Someday, Djoser thought, I’ll lead an expedition there.
But now he was here, atop a barren mountain and a simple cave dedicated to Hathor.
He jumped to his feet and stepped into the cave. With his back to the light, he waited for his eyes to adjust to the darkness. In a few moments he saw that the entrance room led to an opening as wide as two men. A faint gray light came from the passage. He walked toward it.
The passage opened into a larger chamber with smoother walls that had obviously been worked. There were paintings on the wall of Hathor, her double-horned headdress supporting the red orb of the sun. Unlike the few paintings Djoser had seen on urns in temples in Waset, here Hathor’s eyes were larger and rounder. Her chin receded creating a short snout, making her face look cow-like. He wondered if the difference was because of the artist’s unpracticed hand, or if he intended to give the goddess more of an animal form.
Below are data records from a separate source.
Lemma mulmx_scalar_eq0 k (c : B) (y : 'rV[B]_k) : c != 0 -> y *m c%:M = 0 -> y = 0.
Proof.
move=> c0 /rowP yc0; apply/rowP => j; move: (yc0 j); rewrite mulmx_scalarE mxE.
by case/hdom => // c0'; rewrite c0' eqxx in c0.
Qed.

Lemma right_ore_seq (a : B) (s : seq B) : a != 0 ->
  exists2 c, c != 0 & forall t, t \in s -> exists z, t * c = a * z.
Proof.
move=> a0; elim: s => [|t s [c c0 hc]]; first by exists 1; rewrite ?oner_eq0.
have [tc0|tc0] := eqVneq (t * c) 0.
  exists c => // t'; rewrite inE => /predU1P [->|/hc //].
  by exists 0; rewrite tc0 mulr0.
have [c' [d [E tcc0]]] := hr tc0 a0.
exists (c * c').
  by apply: contraNneq tcc0; rewrite -mulrA => ->; rewrite mulr0.
move=> t'; rewrite inE => /predU1P [->|/hc [z Ez]]; first by exists d; rewrite mulrA.
by exists (z * c'); rewrite mulrA Ez mulrA.
Qed.

Lemma right_ore_row (a : B) k (y : 'rV[B]_k) : a != 0 ->
  exists c (z : 'rV[B]_k), c != 0 /\ y *m c%:M = a *: z.
Proof.
move=> a0; have [c c0 hc] := right_ore_seq [seq y 0 j | j <- enum 'I_k] a0.
have /fin_all_exists [z hz] : forall j : 'I_k, exists z, y 0 j * c = a * z.
  by move=> j; apply: hc; apply: map_f; rewrite mem_enum.
by exists c, (\row_j z j); split=> //; apply/rowP => j; rewrite mulmx_scalarE !mxE.
Qed.

Variables (M : lmodType B) (htf : torsion_free M).

Definition embeds (Q : M -> Prop) : Prop :=
  exists k (phi : M -> 'rV[B]_k),
    linear_on Q phi /\ forall x, Q x -> phi x = 0 -> x = 0.

Lemma embeds_sub (Q Q' : M -> Prop) :
  (forall x, Q x -> Q' x) -> embeds Q' -> embeds Q.
Proof.
move=> QQ' [k [phi [[phiD phiZ] phi_inj]]].
by exists k, phi; split; first split; auto.
Qed.

Definition adjoin (P : M -> Prop) (w x : M) : Prop :=
  exists s b, P s /\ x = s + b *: w.

Section Adjoin.
Variables (P : M -> Prop) (hP : submodule P) (w : M).

Lemma embeds_adjoin_of k (V : M -> B -> 'rV[B]_k) :
  (forall s s' b b', P s -> P s' -> V (s + s') (b + b') = V s b + V s' b') ->
  (forall a s b, P s -> V (a *: s) (a * b) = a *: V s b) ->
  (forall s b, P s -> s + b *: w = 0 <-> V s b = 0) -> embeds (adjoin P w).
Proof.
move=> VD VZ V0.
have VN s b : P s -> V (- s) (- b) = - V s b.
  by move=> Ps; rewrite -[- s]scaleN1r -[- b]mulN1r VZ // scaleN1r.
have V_wd s s' b b' : P s -> P s' -> s + b *: w = s' + b' *: w -> V s b = V s' b'.
  move=> Ps Ps' E; have PNs' := subN hP Ps'.
  apply/eqP; rewrite -subr_eq0 -VN // -VD //; apply/eqP/V0; first exact: subD.
  by rewrite scalerBl addrACA -opprD E subrr.
pose Rep x (p : (M * B)%type) := adjoin P w x -> P p.1 /\ x = p.1 + p.2 *: w.
have [rep hrep] : {rep : M -> (M * B)%type & forall x, Rep x (rep x)}.
  apply: choice => x; have [[s [b [Ps Ex]]]|nQ] := EM (adjoin P w x).
    by exists (s, b).
  by exists (0, 0) => /nQ.
pose phi x := V (rep x).1 (rep x).2.
have phiE s b : P s -> phi (s + b *: w) = V s b.
  move=> Ps; have Qx : adjoin P w (s + b *: w) by exists s, b.
  by have [Pr Er] := hrep _ Qx; apply: V_wd; rewrite -?Er.
exists k, phi; split; first split.
- move=> _ _ [s [b [Ps ->]]] [s' [b' [Ps' ->]]].
  by rewrite addrACA -scalerDl !phiE ?VD //; apply: subD.
- move=> a _ [s [b [Ps ->]]].
  by rewrite scalerDr scalerA !phiE ?VZ //; apply: subZ.
- by move=> _ [s [b [Ps ->]]]; rewrite phiE // => /V0 ->.
Qed.

Hypothesis P_embeds : embeds P.

(* B w meets P only in 0: a new coordinate records the coefficient of w. *)
Lemma embeds_adjoin_free : (forall a, P (a *: w) -> a = 0) -> embeds (adjoin P w).
Proof.
move=> Pw0; have [k [phi [[phiD phiZ] phi_inj]]] := P_embeds.
have phi0 : phi 0 = 0 := linear_on0 hP (LinearOn phiD phiZ).
apply: (@embeds_adjoin_of (k + 1)
  (fun s b => row_mx (phi s) (const_mx b : 'rV_1))).
- move=> s s' b b' Ps Ps'; rewrite phiD // add_row_mx; congr row_mx.
  by apply/rowP => j; rewrite !mxE.
- move=> a s b Ps; rewrite phiZ // scale_row_mx; congr row_mx.
  by apply/rowP => j; rewrite !mxE.
move=> s b Ps; split=> [sbw0|].
  have b0 : b = 0 by apply: Pw0; rewrite -[b *: w](addKr s) sbw0 addr0; apply: subN.
  move: sbw0; rewrite b0 scale0r addr0 => ->; rewrite phi0 -row_mx0.
  by congr row_mx; apply/rowP => j; rewrite !mxE.
rewrite -row_mx0 => /eq_row_mx [/(phi_inj _ Ps) -> /rowP /(_ 0)].
by rewrite !mxE => ->; rewrite scale0r addr0.
Qed.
Again his thoughts went to his sister and her curiosity about all the gods. He wondered if she had had any luck with the onion. And what happens when she does? Will she marry King Kha-Sekhemwy who already has a chief wife and three minor wives? Will she marry me? Or Nebka, our half brother? Or someone I don’t know?
The questions tugged at him for a moment and then Djoser shook his head lightly. They were questions that couldn’t be answered and so he would put them aside.